[Excerpts from a dataset]
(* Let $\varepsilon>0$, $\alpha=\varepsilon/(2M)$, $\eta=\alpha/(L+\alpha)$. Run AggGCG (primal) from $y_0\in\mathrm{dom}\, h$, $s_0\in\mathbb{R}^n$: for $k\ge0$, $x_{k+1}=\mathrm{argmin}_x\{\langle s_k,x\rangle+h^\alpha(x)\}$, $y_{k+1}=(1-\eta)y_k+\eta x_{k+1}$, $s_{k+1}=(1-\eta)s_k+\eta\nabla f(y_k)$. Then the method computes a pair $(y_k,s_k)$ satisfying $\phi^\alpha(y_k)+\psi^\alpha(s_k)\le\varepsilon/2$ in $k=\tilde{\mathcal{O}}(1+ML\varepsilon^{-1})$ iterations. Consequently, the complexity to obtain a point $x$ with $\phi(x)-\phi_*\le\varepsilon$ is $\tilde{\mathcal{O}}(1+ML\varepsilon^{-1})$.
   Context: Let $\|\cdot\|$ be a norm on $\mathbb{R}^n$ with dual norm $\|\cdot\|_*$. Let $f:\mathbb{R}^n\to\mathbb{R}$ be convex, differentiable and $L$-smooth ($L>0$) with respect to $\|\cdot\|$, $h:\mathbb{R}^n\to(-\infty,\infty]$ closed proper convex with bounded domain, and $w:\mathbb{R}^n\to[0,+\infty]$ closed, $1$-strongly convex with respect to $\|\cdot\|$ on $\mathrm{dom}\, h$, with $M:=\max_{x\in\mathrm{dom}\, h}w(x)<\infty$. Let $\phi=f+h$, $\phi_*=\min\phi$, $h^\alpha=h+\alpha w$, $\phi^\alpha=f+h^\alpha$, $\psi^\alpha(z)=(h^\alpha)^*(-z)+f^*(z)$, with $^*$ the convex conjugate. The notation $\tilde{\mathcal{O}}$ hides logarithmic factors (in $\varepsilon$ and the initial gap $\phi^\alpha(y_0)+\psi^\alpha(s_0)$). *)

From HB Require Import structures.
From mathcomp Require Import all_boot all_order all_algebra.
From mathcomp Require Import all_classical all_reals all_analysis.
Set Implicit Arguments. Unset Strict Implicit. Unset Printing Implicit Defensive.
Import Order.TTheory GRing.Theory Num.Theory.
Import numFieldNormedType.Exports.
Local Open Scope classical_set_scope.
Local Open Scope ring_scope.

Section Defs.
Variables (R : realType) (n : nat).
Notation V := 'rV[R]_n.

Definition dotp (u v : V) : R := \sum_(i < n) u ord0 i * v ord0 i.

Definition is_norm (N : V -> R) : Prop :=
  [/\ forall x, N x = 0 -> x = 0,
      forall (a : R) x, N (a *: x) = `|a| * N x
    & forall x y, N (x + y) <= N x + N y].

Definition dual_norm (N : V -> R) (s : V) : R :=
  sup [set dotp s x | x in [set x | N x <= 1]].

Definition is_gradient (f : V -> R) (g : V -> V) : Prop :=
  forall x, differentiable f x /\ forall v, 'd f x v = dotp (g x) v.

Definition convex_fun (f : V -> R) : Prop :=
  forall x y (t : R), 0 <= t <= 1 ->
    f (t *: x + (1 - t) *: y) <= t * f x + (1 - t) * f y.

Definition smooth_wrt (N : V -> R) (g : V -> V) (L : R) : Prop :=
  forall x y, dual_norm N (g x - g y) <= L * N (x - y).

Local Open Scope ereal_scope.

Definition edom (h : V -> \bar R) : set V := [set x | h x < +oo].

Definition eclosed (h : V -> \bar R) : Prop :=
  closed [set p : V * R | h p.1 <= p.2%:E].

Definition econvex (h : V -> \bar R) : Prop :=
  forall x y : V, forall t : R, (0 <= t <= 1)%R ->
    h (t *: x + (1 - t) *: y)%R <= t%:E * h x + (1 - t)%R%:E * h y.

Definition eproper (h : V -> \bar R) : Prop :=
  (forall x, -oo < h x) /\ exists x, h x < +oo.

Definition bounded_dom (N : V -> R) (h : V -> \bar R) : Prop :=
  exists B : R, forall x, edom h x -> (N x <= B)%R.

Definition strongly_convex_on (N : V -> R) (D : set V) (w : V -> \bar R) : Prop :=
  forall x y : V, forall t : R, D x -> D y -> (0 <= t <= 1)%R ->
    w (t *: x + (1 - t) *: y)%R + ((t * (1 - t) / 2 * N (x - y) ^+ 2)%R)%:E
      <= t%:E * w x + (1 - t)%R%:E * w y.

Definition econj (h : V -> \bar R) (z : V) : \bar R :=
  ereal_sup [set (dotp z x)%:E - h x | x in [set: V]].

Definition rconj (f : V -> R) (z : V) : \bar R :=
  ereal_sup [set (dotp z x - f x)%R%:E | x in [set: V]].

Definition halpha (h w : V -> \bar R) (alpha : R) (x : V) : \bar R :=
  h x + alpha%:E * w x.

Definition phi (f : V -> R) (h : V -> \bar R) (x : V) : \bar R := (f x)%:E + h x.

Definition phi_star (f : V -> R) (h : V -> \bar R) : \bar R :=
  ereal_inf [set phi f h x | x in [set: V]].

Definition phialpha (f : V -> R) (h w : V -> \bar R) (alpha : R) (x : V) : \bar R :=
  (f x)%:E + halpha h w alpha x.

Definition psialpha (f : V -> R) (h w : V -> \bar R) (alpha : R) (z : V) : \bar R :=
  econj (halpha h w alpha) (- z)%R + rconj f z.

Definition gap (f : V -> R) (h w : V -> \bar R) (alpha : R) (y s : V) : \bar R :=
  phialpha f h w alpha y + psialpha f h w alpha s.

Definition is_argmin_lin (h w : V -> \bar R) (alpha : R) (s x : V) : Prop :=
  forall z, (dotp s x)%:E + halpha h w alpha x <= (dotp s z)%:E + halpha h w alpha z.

* * *

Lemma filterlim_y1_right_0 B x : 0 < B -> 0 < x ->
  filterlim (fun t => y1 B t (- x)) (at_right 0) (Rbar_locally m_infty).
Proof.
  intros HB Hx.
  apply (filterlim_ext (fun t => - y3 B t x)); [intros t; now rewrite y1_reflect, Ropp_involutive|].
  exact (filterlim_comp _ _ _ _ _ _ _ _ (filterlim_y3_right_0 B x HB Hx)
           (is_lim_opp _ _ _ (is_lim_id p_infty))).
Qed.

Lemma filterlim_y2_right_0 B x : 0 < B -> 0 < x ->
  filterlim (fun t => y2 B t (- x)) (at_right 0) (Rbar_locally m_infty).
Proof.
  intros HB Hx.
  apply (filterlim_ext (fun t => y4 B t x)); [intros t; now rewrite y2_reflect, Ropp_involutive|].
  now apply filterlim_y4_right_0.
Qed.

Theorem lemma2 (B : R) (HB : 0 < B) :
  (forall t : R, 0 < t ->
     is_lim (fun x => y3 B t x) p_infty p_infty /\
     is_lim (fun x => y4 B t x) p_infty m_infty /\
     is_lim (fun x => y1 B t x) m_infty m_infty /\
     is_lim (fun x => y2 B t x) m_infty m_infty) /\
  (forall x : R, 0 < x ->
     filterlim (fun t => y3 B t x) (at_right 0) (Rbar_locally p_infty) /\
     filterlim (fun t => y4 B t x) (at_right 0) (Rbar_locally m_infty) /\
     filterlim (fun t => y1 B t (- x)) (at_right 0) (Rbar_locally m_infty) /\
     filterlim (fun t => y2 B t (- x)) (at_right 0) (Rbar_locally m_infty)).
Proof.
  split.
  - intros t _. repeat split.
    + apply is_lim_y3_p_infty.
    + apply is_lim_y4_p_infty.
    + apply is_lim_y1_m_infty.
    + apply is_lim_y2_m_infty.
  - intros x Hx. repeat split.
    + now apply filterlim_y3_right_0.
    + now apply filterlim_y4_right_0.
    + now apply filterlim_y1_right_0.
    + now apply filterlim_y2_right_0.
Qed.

==

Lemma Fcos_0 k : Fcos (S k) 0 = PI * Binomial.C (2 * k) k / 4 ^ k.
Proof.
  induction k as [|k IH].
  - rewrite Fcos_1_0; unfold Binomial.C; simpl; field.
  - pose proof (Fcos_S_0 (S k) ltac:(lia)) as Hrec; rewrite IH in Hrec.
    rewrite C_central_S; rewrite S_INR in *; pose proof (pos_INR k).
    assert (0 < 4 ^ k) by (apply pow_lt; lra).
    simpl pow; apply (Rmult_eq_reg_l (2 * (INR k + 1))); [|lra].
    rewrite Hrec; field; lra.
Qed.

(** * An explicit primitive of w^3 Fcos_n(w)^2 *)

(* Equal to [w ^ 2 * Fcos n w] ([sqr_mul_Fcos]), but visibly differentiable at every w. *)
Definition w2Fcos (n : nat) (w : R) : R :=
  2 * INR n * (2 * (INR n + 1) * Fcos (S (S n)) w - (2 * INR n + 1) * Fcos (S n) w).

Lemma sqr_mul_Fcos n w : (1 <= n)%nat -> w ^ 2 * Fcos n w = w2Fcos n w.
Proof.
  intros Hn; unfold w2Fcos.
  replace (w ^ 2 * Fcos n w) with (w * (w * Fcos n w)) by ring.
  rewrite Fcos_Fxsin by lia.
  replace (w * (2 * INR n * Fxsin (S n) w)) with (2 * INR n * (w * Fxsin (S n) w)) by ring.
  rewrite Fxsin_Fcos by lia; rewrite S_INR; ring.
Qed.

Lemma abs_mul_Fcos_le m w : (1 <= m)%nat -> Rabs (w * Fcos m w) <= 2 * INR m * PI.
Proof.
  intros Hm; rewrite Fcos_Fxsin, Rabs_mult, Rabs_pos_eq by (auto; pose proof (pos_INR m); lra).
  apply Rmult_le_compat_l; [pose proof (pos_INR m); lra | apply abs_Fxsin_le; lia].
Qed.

## [ACTIVITY]
Reproduce only the lines above, starting at the line with "forall x, differentiable" and ending at the line with "phialpha f h", exactly as written.

## [THE COMPLETED TASK]
  forall x, differentiable f x /\ forall v, 'd f x v = dotp (g x) v.

Definition convex_fun (f : V -> R) : Prop :=
  forall x y (t : R), 0 <= t <= 1 ->
    f (t *: x + (1 - t) *: y) <= t * f x + (1 - t) * f y.

Definition smooth_wrt (N : V -> R) (g : V -> V) (L : R) : Prop :=
  forall x y, dual_norm N (g x - g y) <= L * N (x - y).

Local Open Scope ereal_scope.

Definition edom (h : V -> \bar R) : set V := [set x | h x < +oo].

Definition eclosed (h : V -> \bar R) : Prop :=
  closed [set p : V * R | h p.1 <= p.2%:E].

Definition econvex (h : V -> \bar R) : Prop :=
  forall x y : V, forall t : R, (0 <= t <= 1)%R ->
    h (t *: x + (1 - t) *: y)%R <= t%:E * h x + (1 - t)%R%:E * h y.

Definition eproper (h : V -> \bar R) : Prop :=
  (forall x, -oo < h x) /\ exists x, h x < +oo.

Definition bounded_dom (N : V -> R) (h : V -> \bar R) : Prop :=
  exists B : R, forall x, edom h x -> (N x <= B)%R.

Definition strongly_convex_on (N : V -> R) (D : set V) (w : V -> \bar R) : Prop :=
  forall x y : V, forall t : R, D x -> D y -> (0 <= t <= 1)%R ->
    w (t *: x + (1 - t) *: y)%R + ((t * (1 - t) / 2 * N (x - y) ^+ 2)%R)%:E
      <= t%:E * w x + (1 - t)%R%:E * w y.

Definition econj (h : V -> \bar R) (z : V) : \bar R :=
  ereal_sup [set (dotp z x)%:E - h x | x in [set: V]].

Definition rconj (f : V -> R) (z : V) : \bar R :=
  ereal_sup [set (dotp z x - f x)%R%:E | x in [set: V]].

Definition halpha (h w : V -> \bar R) (alpha : R) (x : V) : \bar R :=
  h x + alpha%:E * w x.

Definition phi (f : V -> R) (h : V -> \bar R) (x : V) : \bar R := (f x)%:E + h x.

Definition phi_star (f : V -> R) (h : V -> \bar R) : \bar R :=
  ereal_inf [set phi f h x | x in [set: V]].

Definition phialpha (f : V -> R) (h w : V -> \bar R) (alpha : R) (x : V) : \bar R :=
  (f x)%:E + halpha h w alpha x.

Definition psialpha (f : V -> R) (h w : V -> \bar R) (alpha : R) (z : V) : \bar R :=
  econj (halpha h w alpha) (- z)%R + rconj f z.

Definition gap (f : V -> R) (h w : V -> \bar R) (alpha : R) (y s : V) : \bar R :=
  phialpha f h w alpha y + psialpha f h w alpha s.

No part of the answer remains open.